Ten patients refused entry into the study, 16 were excluded, and 74 were enrolled, treated, and included in the analysis. One enrolled patient had evidence of vertigo of central origin. The pretreatment values of vertigo with ambulation were strongly correlated with the patient's ability to ambulate (P <.001), suggesting good internal validity. The patients randomly assigned to the lorazepam group were sicker based on their pretreatment symptoms and ability to ambulate, and this may have biased the study results. The patients' symptom of "vertigo with ambulation" decreased 1.5 units more (95% confidence interval [CI] 0 to 3.0) on average on a 10-point scale 2 hours after treatment in the dimenhydrinate group. All other measures of vertigo also decreased more in the dimenhydrinate group, although the differences were not statistically significant. At 2 hours after treatment, the patients' ability to ambulate was better in the dimenhydrinate group (P <.001), and 17% (95% CI -2 to 36) more patients in this group were "ready to go home." Patients in the lorazepam group experienced a 1.8-unit (95% CI 0.2 to 3.4) greater increase in drowsiness 2 hours after treatment.

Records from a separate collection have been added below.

Lemma le_pexpect_tsallis_surprisal (h1 h2 : I -> R) :
  (forall D, 0 <= h1 D <= 1) -> (forall D, 0 <= h2 D <= 1) ->
  (pexpect (fun D => h2 D `^ (q - 1))%R <= pexpect (fun D => h1 D `^ (q - 1))%R)%E ->
  (pexpect (fun D => tsallis_surprisal q (h1 D)) <=
   pexpect (fun D => tsallis_surprisal q (h2 D)))%E.
Proof.
move=> h1_01 h2_01 le21; rewrite !pexpect_tsallis_surprisal// lee_fin lerD2l lerN2.
have r0 : 0 <= (q - 1)^-1 by rewrite invr_ge0 subr_ge0 ltW.
by rewrite ler_wpM2l// fine_le// pexpect_powR_fin.
Qed.

End expectation.

Section common_refinement.
Variables (R : realType) (I : choiceType) (p : I -> R).
Hypothesis p_ge0 : forall D, 0 <= p D.
Hypothesis p_sum1 : (\esum_(D in [set: I]) (p D)%:E = 1)%E.
Variables (K1 K2 : Type) (f1 : I -> K1) (f2 : I -> K2).

Let a D := pmass p (fibre f1 D).
Let b D := pmass p (fibre f2 D).
Let c D := pmass p (fibre f1 D `&` fibre f2 D).

Let cell D' D'' := [set x | fibre f1 x D'] `&` [set x | fibre f2 x D''].

Let cell_mass D' D'' D : cell D' D'' D -> c D = pmass p (cell D' D'').
Proof.
rewrite /c /cell /fibre /preimage /= => -[e1 e2]; congr pmass; apply/seteqP.
by rewrite -e1 -e2; split => x [/= -> ->].
Qed.

Let esum_cell_le (k : I -> R) D' D'' : (forall D, 0 <= k D) ->
  (forall D, fibre f2 D'' D -> k D = k D'') ->
  (\esum_(D in cell D' D'') (p D * (k D / c D))%:E <= (k D'')%:E)%E.
Proof.
move=> k0 k_const; set S := cell D' D''.
rewrite (@eq_esum _ _ S _ (fun D => (k D'')%:E * (p D / pmass p S)%:E)%E); last first.
  move=> D SD; have [_ SD2] := SD.
  by rewrite (k_const D (fibre_sym SD2)) (cell_mass SD) -EFinM mulrCA mulrA.
rewrite esumZl//; last by move=> D; rewrite lee_fin divr_ge0 ?pmass_ge0.
rewrite -[leRHS]mule1 lee_wpmul2l ?lee_fin//.
exact: esum_p_div_pmass_le1.
Qed.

Our results suggest that dimenhydrinate was more effective in relieving vertigo and less sedating than lorazepam at the intravenous doses administered in this study. Dimenhydrinate appears to be the preferred medicine for patients who present to the ED with vertigo likely to be of peripheral origin.
确定在急诊科环境中,劳拉西泮在缓解眩晕症状方面是否比茶苯海明更有效。
在一家县属大学附属医院的急诊科进行了一项前瞻性、随机、双盲试验,比较静脉注射劳拉西泮与茶苯海明治疗的效果。所有在1998年1月24日至1999年5月23日期间出现眩晕症状的成年患者均符合纳入标准。干预措施为在2毫克劳拉西泮和50毫克茶苯海明之间交替进行静脉治疗。所有患者均以100毫升/小时的速度静脉输注乳酸林格氏液。通过比较患者的相关基线病史、体格检查和症状,评估随机分配到两个治疗组的合理性。预定的主要结局指标是治疗后1小时和2小时患者“行走时眩晕”的感觉。次要结局指标包括躺着、坐着和转头时的眩晕、接诊医生判断的行走能力、治疗后1小时和2小时的恶心和嗜睡感,以及根据患者报告或医生评估,治疗后2小时患者是否“准备好回家”。所有患者症状均采用10分制报告。采用双向重复测量方差分析、学生t检验、曼-惠特尼U检验和卡方检验,对两个治疗组的结局指标进行比较。
10名患者拒绝参加研究,16名被排除,74名患者被纳入研究、接受治疗并纳入分析。一名纳入研究的患者有中枢性眩晕的证据。行走时眩晕的治疗前值与患者的行走能力密切相关(P<.001),表明内部效度良好。根据治疗前症状和行走能力,随机分配到劳拉西泮组的患者病情更严重,这可能使研究结果产生偏差。在茶苯海明组,治疗后2小时,患者“行走时眩晕”症状在10分制量表上平均下降幅度多1.5个单位(95%置信区间[CI]0至3.0)。茶苯海明组眩晕的所有其他指标下降幅度也更大,尽管差异无统计学意义。治疗后2小时,茶苯海明组患者的行走能力更好(P<.001),该组“准备好回家”的患者多17%(95%CI -2至36)。劳拉西泮组患者在治疗后2小时嗜睡增加1.8个单位(95%CI 0.2至3.4)。
我们的结果表明,在本研究中静脉给药剂量下,茶苯海明在缓解眩晕方面比劳拉西泮更有效,且镇静作用更小。对于到急诊科就诊且眩晕可能为外周性起源的患者,茶苯海明似乎是首选药物。